What you are asked to do
For the material below, return exactly the lines starting at the line containing "Definition C0 : Cplx := mkC 0 0." and ending at the line containing "x (hopp y).", both ends included, and no others.

Task material

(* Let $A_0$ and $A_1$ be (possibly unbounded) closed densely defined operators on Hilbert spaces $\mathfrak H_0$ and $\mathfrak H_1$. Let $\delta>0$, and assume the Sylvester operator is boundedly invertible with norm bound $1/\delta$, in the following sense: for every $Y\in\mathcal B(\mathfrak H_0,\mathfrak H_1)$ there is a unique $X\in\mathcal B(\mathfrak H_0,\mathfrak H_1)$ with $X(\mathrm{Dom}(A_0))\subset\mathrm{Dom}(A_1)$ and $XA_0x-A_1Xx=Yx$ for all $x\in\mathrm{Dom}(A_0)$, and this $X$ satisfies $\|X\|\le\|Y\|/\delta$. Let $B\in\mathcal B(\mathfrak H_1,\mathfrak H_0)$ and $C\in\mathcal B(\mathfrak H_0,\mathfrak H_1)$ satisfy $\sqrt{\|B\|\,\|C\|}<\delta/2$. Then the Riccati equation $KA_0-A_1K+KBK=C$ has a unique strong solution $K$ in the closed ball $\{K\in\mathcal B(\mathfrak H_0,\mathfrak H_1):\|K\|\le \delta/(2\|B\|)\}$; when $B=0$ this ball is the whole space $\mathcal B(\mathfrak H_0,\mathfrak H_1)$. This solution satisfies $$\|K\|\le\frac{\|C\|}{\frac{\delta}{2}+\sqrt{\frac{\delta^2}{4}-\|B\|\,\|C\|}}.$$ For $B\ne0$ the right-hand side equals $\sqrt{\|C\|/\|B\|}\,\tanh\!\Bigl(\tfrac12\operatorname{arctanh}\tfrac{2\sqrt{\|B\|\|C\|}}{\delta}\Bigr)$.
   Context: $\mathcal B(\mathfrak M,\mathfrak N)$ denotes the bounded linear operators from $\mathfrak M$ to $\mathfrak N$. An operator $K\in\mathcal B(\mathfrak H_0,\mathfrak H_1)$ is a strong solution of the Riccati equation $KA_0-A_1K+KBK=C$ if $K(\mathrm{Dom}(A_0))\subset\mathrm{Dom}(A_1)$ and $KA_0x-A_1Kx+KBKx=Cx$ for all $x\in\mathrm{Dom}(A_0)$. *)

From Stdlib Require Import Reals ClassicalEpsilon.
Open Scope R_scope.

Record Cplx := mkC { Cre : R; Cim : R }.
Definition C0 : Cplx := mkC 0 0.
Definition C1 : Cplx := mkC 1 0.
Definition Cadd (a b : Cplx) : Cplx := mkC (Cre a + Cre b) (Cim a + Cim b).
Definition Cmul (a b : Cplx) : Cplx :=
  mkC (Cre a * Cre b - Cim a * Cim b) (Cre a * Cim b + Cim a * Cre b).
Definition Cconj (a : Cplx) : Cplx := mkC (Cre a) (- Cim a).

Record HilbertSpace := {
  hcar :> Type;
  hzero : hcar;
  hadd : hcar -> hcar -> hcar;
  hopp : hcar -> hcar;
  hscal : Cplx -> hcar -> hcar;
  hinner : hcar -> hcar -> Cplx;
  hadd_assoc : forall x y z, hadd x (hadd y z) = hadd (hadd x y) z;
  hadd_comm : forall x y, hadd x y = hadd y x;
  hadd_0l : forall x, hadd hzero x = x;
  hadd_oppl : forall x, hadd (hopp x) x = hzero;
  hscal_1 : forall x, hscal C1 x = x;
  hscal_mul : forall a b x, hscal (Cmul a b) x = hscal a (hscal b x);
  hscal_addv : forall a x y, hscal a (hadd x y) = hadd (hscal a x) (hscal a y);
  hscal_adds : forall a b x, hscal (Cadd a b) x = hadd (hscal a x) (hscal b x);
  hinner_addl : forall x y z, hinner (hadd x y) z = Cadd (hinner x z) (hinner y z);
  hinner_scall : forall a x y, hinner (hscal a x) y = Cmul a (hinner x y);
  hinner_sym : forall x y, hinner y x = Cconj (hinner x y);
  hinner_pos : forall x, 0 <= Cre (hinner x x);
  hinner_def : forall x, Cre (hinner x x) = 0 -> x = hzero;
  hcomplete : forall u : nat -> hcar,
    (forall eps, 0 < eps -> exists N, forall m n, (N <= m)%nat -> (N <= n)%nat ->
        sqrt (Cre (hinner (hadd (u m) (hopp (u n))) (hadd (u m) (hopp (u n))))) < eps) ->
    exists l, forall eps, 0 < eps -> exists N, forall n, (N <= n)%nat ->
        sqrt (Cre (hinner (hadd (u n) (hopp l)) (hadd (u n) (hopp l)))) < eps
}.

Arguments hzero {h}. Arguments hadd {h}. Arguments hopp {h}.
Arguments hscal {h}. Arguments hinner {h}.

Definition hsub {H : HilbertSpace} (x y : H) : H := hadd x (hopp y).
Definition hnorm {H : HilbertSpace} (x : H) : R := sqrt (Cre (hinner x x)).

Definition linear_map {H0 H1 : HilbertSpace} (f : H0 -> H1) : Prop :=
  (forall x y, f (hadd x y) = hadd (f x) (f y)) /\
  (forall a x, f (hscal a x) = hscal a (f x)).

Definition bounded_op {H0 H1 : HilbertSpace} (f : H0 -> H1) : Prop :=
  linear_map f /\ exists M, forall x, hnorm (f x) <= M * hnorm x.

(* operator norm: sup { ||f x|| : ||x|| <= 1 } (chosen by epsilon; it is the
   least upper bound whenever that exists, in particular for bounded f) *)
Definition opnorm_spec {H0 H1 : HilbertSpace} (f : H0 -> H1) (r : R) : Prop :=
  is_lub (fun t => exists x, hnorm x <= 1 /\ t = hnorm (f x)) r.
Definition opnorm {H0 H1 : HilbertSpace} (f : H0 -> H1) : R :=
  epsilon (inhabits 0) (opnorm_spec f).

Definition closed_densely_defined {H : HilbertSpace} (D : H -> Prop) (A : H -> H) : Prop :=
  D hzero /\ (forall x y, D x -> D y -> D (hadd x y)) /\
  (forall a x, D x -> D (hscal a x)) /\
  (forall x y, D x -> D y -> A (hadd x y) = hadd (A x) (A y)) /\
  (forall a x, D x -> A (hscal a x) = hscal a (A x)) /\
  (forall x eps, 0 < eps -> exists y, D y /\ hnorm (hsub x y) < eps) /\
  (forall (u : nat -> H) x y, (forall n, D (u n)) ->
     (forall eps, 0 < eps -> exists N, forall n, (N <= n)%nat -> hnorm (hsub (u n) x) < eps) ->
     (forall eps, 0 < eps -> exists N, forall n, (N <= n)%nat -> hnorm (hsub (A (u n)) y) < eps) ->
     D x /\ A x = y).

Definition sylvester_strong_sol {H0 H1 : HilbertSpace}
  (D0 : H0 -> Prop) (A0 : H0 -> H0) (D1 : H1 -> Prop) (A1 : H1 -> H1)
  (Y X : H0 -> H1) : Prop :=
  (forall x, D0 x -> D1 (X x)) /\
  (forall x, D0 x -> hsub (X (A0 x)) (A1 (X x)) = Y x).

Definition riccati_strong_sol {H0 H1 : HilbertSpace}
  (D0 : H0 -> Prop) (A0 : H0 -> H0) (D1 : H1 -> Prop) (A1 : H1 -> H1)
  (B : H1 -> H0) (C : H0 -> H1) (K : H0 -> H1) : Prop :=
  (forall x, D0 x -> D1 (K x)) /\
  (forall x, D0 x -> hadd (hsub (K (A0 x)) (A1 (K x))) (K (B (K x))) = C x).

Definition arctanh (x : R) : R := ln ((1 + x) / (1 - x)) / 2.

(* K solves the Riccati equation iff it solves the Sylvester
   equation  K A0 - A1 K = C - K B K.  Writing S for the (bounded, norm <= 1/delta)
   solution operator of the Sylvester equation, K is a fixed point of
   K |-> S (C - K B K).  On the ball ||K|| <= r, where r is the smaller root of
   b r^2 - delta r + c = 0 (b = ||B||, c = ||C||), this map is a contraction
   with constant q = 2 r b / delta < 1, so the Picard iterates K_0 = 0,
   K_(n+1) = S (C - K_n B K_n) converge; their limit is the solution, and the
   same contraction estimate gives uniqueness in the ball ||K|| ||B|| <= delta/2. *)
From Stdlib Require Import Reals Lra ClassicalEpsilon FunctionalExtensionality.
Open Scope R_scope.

Solution
Definition C0 : Cplx := mkC 0 0.
Definition C1 : Cplx := mkC 1 0.
Definition Cadd (a b : Cplx) : Cplx := mkC (Cre a + Cre b) (Cim a + Cim b).
Definition Cmul (a b : Cplx) : Cplx :=
  mkC (Cre a * Cre b - Cim a * Cim b) (Cre a * Cim b + Cim a * Cre b).
Definition Cconj (a : Cplx) : Cplx := mkC (Cre a) (- Cim a).

Record HilbertSpace := {
  hcar :> Type;
  hzero : hcar;
  hadd : hcar -> hcar -> hcar;
  hopp : hcar -> hcar;
  hscal : Cplx -> hcar -> hcar;
  hinner : hcar -> hcar -> Cplx;
  hadd_assoc : forall x y z, hadd x (hadd y z) = hadd (hadd x y) z;
  hadd_comm : forall x y, hadd x y = hadd y x;
  hadd_0l : forall x, hadd hzero x = x;
  hadd_oppl : forall x, hadd (hopp x) x = hzero;
  hscal_1 : forall x, hscal C1 x = x;
  hscal_mul : forall a b x, hscal (Cmul a b) x = hscal a (hscal b x);
  hscal_addv : forall a x y, hscal a (hadd x y) = hadd (hscal a x) (hscal a y);
  hscal_adds : forall a b x, hscal (Cadd a b) x = hadd (hscal a x) (hscal b x);
  hinner_addl : forall x y z, hinner (hadd x y) z = Cadd (hinner x z) (hinner y z);
  hinner_scall : forall a x y, hinner (hscal a x) y = Cmul a (hinner x y);
  hinner_sym : forall x y, hinner y x = Cconj (hinner x y);
  hinner_pos : forall x, 0 <= Cre (hinner x x);
  hinner_def : forall x, Cre (hinner x x) = 0 -> x = hzero;
  hcomplete : forall u : nat -> hcar,
    (forall eps, 0 < eps -> exists N, forall m n, (N <= m)%nat -> (N <= n)%nat ->
        sqrt (Cre (hinner (hadd (u m) (hopp (u n))) (hadd (u m) (hopp (u n))))) < eps) ->
    exists l, forall eps, 0 < eps -> exists N, forall n, (N <= n)%nat ->
        sqrt (Cre (hinner (hadd (u n) (hopp l)) (hadd (u n) (hopp l)))) < eps
}.

Arguments hzero {h}. Arguments hadd {h}. Arguments hopp {h}.
Arguments hscal {h}. Arguments hinner {h}.

Definition hsub {H : HilbertSpace} (x y : H) : H := hadd x (hopp y).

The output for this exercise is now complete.